Author: Jill Liddington
Publisher: Manchester University Press
Published: 2022-03-15
Total Pages: 202
ISBN-13: 152616440X
DOWNLOAD EBOOK‘A unique and thrilling insight into the brilliant mind of Anne Lister’ Sally Wainwright, creator of Gentleman Jack Female Fortune is the book which inspired Sally Wainwright to write Gentleman Jack, now a major drama series for the BBC and HBO. Lesbian landowner Anne Lister inherited Shibden Hall in 1826. She was an impressive scholar, fearless traveller and successful businesswoman, even developing her own coalmines. Her extraordinary diaries, running to 4-5 million words, were partly written in her own secret code and recorded her love affairs with startling candour.

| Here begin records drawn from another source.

(* Let $A\in\mathbb C^{n\times n}$, $b\in\mathbb C^n$, and let $M, F\in\mathbb C^{n\times n}$ be nonsingular. Partition the index set $\{1,\dots,n\}$ into $m$ consecutive blocks, and write accordingly $x = (x^{(1)},\dots,x^{(m)})$, $b=(b^{(1)},\dots,b^{(m)})$, and $A = (A^{(s,q)})_{s,q=1}^m$ in block form; assume $M$ and $F$ are block diagonal with respect to this partition, with nonsingular diagonal blocks $M^{(1)},\dots,M^{(m)}$ and $F^{(1)},\dots,F^{(m)}$. Consider any sequence of subsets $\Omega_k\subseteq\{1,\dots,m\}$, $k\in\mathbb N$, such that each $s\in\{1,\dots,m\}$ belongs to $\Omega_k$ for infinitely many $k$, and any functions $\delta_s(q,k)\in\mathbb N$ ($s,q\in\{1,\dots,m\}$, $k\in\mathbb N$) with $\delta_s(q,k)\le k$ and $\lim_{k\to\infty}\delta_s(q,k)=\infty$ for all $s,q$. Given an arbitrary initial vector $x^0$, define the asynchronous alternating iteration: for each $k\in\mathbb N$ and all $s\in\{1,\dots,m\}$, \[ y^{(s),k} := x^{(s),\delta_s(s,k)} + {M^{(s)}}^{-1}\Big(b^{(s)} - \sum_{q=1}^m A^{(s,q)} x^{(q),\delta_s(q,k)}\Big), \] \[ x^{(s),k+1} := \begin{cases} y^{(s),\delta_s(s,k)} + {F^{(s)}}^{-1}\Big(b^{(s)} - \displaystyle\sum_{q=1}^m A^{(s,q)} y^{(q),\delta_s(q,k)}\Big) & \text{if } s\in\Omega_k,\\[1ex] x^{(s),k} & \text{if } s\notin\Omega_k.\end{cases} \] If $A$ is an $\mathsf H$-matrix and \[ \langle M\rangle - |M - A| = \langle A\rangle, \qquad \langle F\rangle - |F - A| = \langle A\rangle, \] then for every initial guess $x^0$, every such sequence $\{\Omega_k\}$ and every such delay functions $\delta_1,\dots,\delta_m$, the sequence $x^k$ converges to the solution of $Ax=b$.
   Context: For a matrix $\mathcal A$, $|\mathcal A|$ denotes the entrywise absolute value (modulus) and $\rho(\mathcal A)$ its spectral radius. Comparisons between matrices are entrywise. A square real matrix $\mathcal A$ is an $\mathsf M$-matrix if there exists $\alpha\in\mathbb R$ with $\alpha I - \mathcal A \ge 0$ (entrywise) and $\alpha > \rho(\alpha I - \mathcal A)$. The comparison matrix $\langle \mathcal A\rangle$ of a square matrix $\mathcal A$ is defined by $\langle \mathcal A\rangle_{i,i} := |\mathcal A_{i,i}|$ and $\langle \mathcal A\rangle_{i,j} := -|\mathcal A_{i,j}|$ for $i\ne j$. A square matrix $\mathcal A$ is an $\mathsf H$-matrix if its comparison matrix $\langle\mathcal A\rangle$ is an $\mathsf M$-matrix. *)

From HB Require Import structures.
From mathcomp Require Import all_boot all_order all_algebra complex reals.
Set Implicit Arguments. Unset Strict Implicit. Unset Printing Implicit Defensive.
Import Order.TTheory GRing.Theory Num.Theory.
Local Open Scope ring_scope.

Section MatrixNotions.
Variable C : numClosedFieldType.

Definition mabs (m n : nat) (A : 'M[C]_(m, n)) : 'M[C]_(m, n) := map_mx Num.norm A.

Definition cmp_mx (n : nat) (A : 'M[C]_n) : 'M[C]_n :=
  \matrix_(i, j) (if i == j then `|A i i| else - `|A i j|).

Definition spec_rad (n : nat) (A : 'M[C]_n) : C :=
  \big[Num.max/0]_(z <- sval (closed_field_poly_normal (char_poly A))) `|z|.

Definition mx_nonneg (m n : nat) (A : 'M[C]_(m, n)) : Prop := forall i j, 0 <= A i j.

Definition is_Mmatrix (n : nat) (A : 'M[C]_n) : Prop :=
  (forall i j, A i j \is Num.real) /\
  exists alpha : C, alpha \is Num.real /\
    mx_nonneg (alpha%:M - A) /\ spec_rad (alpha%:M - A) < alpha.

Definition is_Hmatrix (n : nat) (A : 'M[C]_n) : Prop := is_Mmatrix (cmp_mx A).

End MatrixNotions.

Section Blocks.
(* A partition of {0..n-1} into m blocks is given by blk : 'I_n -> 'I_m
   (i lies in block blk i). *)
Variables (C : numClosedFieldType) (n m : nat) (blk : 'I_n -> 'I_m).

Definition consecutive_blocks : Prop :=
  (forall i j : 'I_n, (i <= j)%N -> (blk i <= blk j)%N) /\
  (forall s : 'I_m, exists i, blk i = s).

Definition blkset (s : 'I_m) : {set 'I_n} := [set i | blk i == s].

(* the a-th index (in increasing order) of block s *)
Definition bidx (s : 'I_m) (a : 'I_#|blkset s|) : 'I_n := enum_val a.

Definition subblock (A : 'M[C]_n) (s q : 'I_m) : 'M[C]_(#|blkset s|, #|blkset q|) :=
  \matrix_(a, c) A (bidx a) (bidx c).

Definition bvec (x : 'cV[C]_n) (s : 'I_m) : 'cV[C]_(#|blkset s|) :=
  \col_a x (bidx a) 0.

Definition block_diagonal (M : 'M[C]_n) : Prop :=
  forall i j, blk i != blk j -> M i j = 0.

End Blocks.

(* Since A is an H-matrix, the real Z-matrix G = <A> satisfies
   |det (t I + G)| >= (alpha - rho)^n for every t >= 0, because the eigenvalues of
   alpha I - G lie in the disc of radius rho < alpha.  Following t I + G from large t,
   where it is diagonally dominant, down to t = 0 keeps it inverse-positive, hence
   G u = 1 for some u > 0; this weight already shows that A is nonsingular.  In the
   weighted max-norm max_j |v_j| / u_j, the splitting conditions
   <M> - |M - A| = <A> = <F> - |F - A| make every block update, of y from x and of x
   from y, a contraction by a common factor gam < 1.  Since every block is updated
   infinitely often and all delays tend to infinity, once all blocks of all iterates lie
   in the box of radius gam^p E0 they eventually lie in the box of radius
   gam^(p+1) E0. *)

From HB Require Import structures.
From mathcomp Require Import all_boot all_order all_algebra complex reals.
From mathcomp Require Import fingroup perm lra.
Import Order.TTheory GRing.Theory Num.Theory Normc.
Set Implicit Arguments. Unset Strict Implicit. Unset Printing Implicit Defensive.
Local Open Scope ring_scope.
Local Open Scope complex_scope.
(* In the setting below, the vector $$\begin{aligned}U=&\tfrac16\big[(-\lambda_1+\lambda_6)(-1)^3+(\lambda_3-\lambda_5)(-1)^3+(\lambda_1-\lambda_3+\lambda_5-\lambda_6)(-1)^3\big]\otimes e^0\\&+\tfrac12(\lambda_3-\lambda_5)(-1)\otimes\big(e^{\alpha_1-\alpha_6}+e^{-\alpha_1+\alpha_6}\big)+\tfrac12(-\lambda_1+\lambda_6)(-1)\otimes\big(e^{\alpha_3-\alpha_5}+e^{-\alpha_3+\alpha_5}\big)\\&+\tfrac12(-\lambda_1+\lambda_3-\lambda_5+\lambda_6)(-1)\otimes\big(e^{\alpha_1+\alpha_3-\alpha_5-\alpha_6}+e^{-\alpha_1-\alpha_3+\alpha_5+\alpha_6}\big)\in V^{\Lambda_0}\end{aligned}$$ is nonzero and is a highest weight vector of type $Vir(\tfrac45,3)\otimes W^{\Omega_0}$, i.e. it satisfies (HW1)–(HW5) with $h=3$ and $\omega_j=0$.
   Context: Setting. $Q$ is the $E_6$ root lattice with simple roots $\alpha_1,\dots,\alpha_6$ (Dynkin chain $\alpha_1-\alpha_3-\alpha_4-\alpha_5-\alpha_6$, $\alpha_2$ attached to $\alpha_4$), form from the Cartan matrix, fundamental weights $\lambda_i$, $P=\bigoplus\mathbb Z\lambda_i$, $\mathfrak h=\mathbb C\otimes P$. $\varepsilon$ bimultiplicative on $P$ with $[\varepsilon(\lambda_i,\lambda_j)]$ rows $(1,1,1,1,1,1)$, $(-1,1,1,1,1,-1)$, $(-1,1,1,1,1,1)$, $(1,-1,1,1,1,1)$, $(1,1,1,1,1,-1)$, $(1,1,1,1,1,1)$. $V_P=S(\hat{\mathfrak h}^-)\otimes\mathbb C[P]$ with Heisenberg operators $h(n)$ ($[h(m),h'(n)]=m\langle h,h'\rangle\delta_{m+n,0}$, $h(n)1=0$ for $n>0$, $h(0)(u\otimes e^\beta)=\langle h,\beta\rangle u\otimes e^\beta$). For $\alpha\in Q$: $Y(1\otimes e^\alpha,z)=\exp(\sum_{k\ge1}\frac{\alpha(-k)}kz^k)\exp(-\sum_{k\ge1}\frac{\alpha(k)}kz^{-k})e_\alpha z^{\alpha(0)}=\sum_n\{1\otimes e^\alpha\}_nz^{-n-1}$, $e_\alpha(u\otimes e^\beta)=\varepsilon(\alpha,\beta)u\otimes e^{\alpha+\beta}$, $z^{\alpha(0)}(u\otimes e^\beta)=z^{\langle\alpha,\beta\rangle}u\otimes e^\beta$; for general vectors $Y(h_1(-n_1-1)\cdots h_k(-n_k-1)\otimes e^\alpha,z)=\,:h_1^{(n_1)}(z)\cdots h_k^{(n_k)}(z)Y(1\otimes e^\alpha,z):$, $h^{(n)}(z)=\frac1{n!}(\frac d{dz})^n\sum_mh(m)z^{-m-1}$, annihilators to the right. $V^{\Lambda_0}=S(\hat{\mathfrak h}^-)\otimes\mathbb C[Q]$. $\tau$: $\alpha_1\leftrightarrow\alpha_6$, $\alpha_3\leftrightarrow\alpha_5$; $\mathrm{Proj}(\nu)=(\nu+\tau\nu)/2$. $\theta=\alpha_1+2\alpha_2+2\alpha_3+3\alpha_4+2\alpha_5+\alpha_6$. Raising operators of $\tilde{\mathfrak a}$ ($F_4^{(1)}$): $\{\beta_1\}_0=\{1\otimes e^{\alpha_2}\}_0$, $\{\beta_2\}_0=\{1\otimes e^{\alpha_4}\}_0$, $\{\beta_3\}_0=\{1\otimes e^{\alpha_3}\}_0+\{1\otimes e^{\alpha_5}\}_0$, $\{\beta_4\}_0=\{1\otimes e^{\alpha_1}\}_0+\{1\otimes e^{\alpha_6}\}_0$, $\{1\otimes e^{-\theta}\}_1$. Coset conformal vector $\omega=\frac1{10}[(-\lambda_1+\lambda_6)(-1)^2+(\lambda_3-\lambda_5)(-1)^2+(\lambda_1-\lambda_3+\lambda_5-\lambda_6)(-1)^2]\otimes e^0+\frac15(-1\otimes e^{\pm\gamma_1}-1\otimes e^{\pm\gamma_2}+1\otimes e^{\pm\gamma_3})$, $\gamma_1=\alpha_1-\alpha_6$, $\gamma_2=\alpha_3-\alpha_5$, $\gamma_3=\gamma_1+\gamma_2$, $1\otimes e^{\pm\gamma}:=1\otimes e^\gamma+1\otimes e^{-\gamma}$; $L(n)=\{\omega\}_{n+1}$ (Virasoro, $c=4/5$, commuting with $\tilde{\mathfrak a}$). $\Omega_0$ is the basic level one $F_4^{(1)}$ weight, $W^{\Omega_0}$ its irreducible module. A nonzero $v$ is a highest weight vector of type $Vir(\frac45,h)\otimes W^{\Omega_j}$ if (HW1) $\{1\otimes e^{-\theta}\}_1v=0$; (HW2) $\{\beta_i\}_0v=0$, $i=1,\dots,4$; (HW3) $L(1)v=L(2)v=0$; (HW4) $L(0)v=hv$; (HW5) $v\in\bigoplus_kS(\hat{\mathfrak h}^-)\otimes e^{\nu_k}$ with $\mathrm{Proj}(\nu_k)=\omega_j$ ($\omega_0=0$). In the paper $U$ is constructed as $\{R\}_{-8/3}\cdot\tau R-\frac52\{\omega\}_{-2}(1\otimes e^0)$, with $\{R\}_n$ the modes of an intertwining operator for $R=1\otimes e^{-\lambda_1+\lambda_6}+1\otimes e^{\lambda_3-\lambda_5}-1\otimes e^{\lambda_1-\lambda_3+\lambda_5-\lambda_6}$; the explicit expression above is that vector. *)

(* Lattice vertex operator algebra V_P for the E6 weight
   lattice, realised concretely (formal linear combinations of basis vectors
   u (x) e^beta, u a monomial of S(h^-) in the basis lambda_i(-n)). *)
From HB Require Import structures.
From mathcomp Require Import all_boot all_order all_algebra.
Set Implicit Arguments. Unset Strict Implicit. Unset Printing Implicit Defensive.
Import Order.TTheory GRing.Theory Num.Theory.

The diaries were included on UNESCO’s Memory of the World Register in 2011. Jill Liddington’s classic edition of the diaries tells the story of how Anne Lister wooed and seduced neighbouring heiress Ann Walker, who moved in to live with Anne and her family in 1834. Politically active, Anne Lister door-stepped her tenants at the 1835 Election to vote Tory. And socially very ambitious, she employed architects to redesign both the Hall and the estate. Yet Ann Walker had an inconvenient number of local relatives, suspicious of exactly how Anne Lister could pay for all her grand improvements. Tensions grew to a melodramatic crescendo when news reached Shibden of the pair being burnt in effigy. This 2022 edition includes a fascinating Afterword on the recent discovery of Ann Walker’s own diary. Female Fortune is essential reading for those who watched Gentleman Jack and want to know more about the extraordinary woman that was Anne Lister.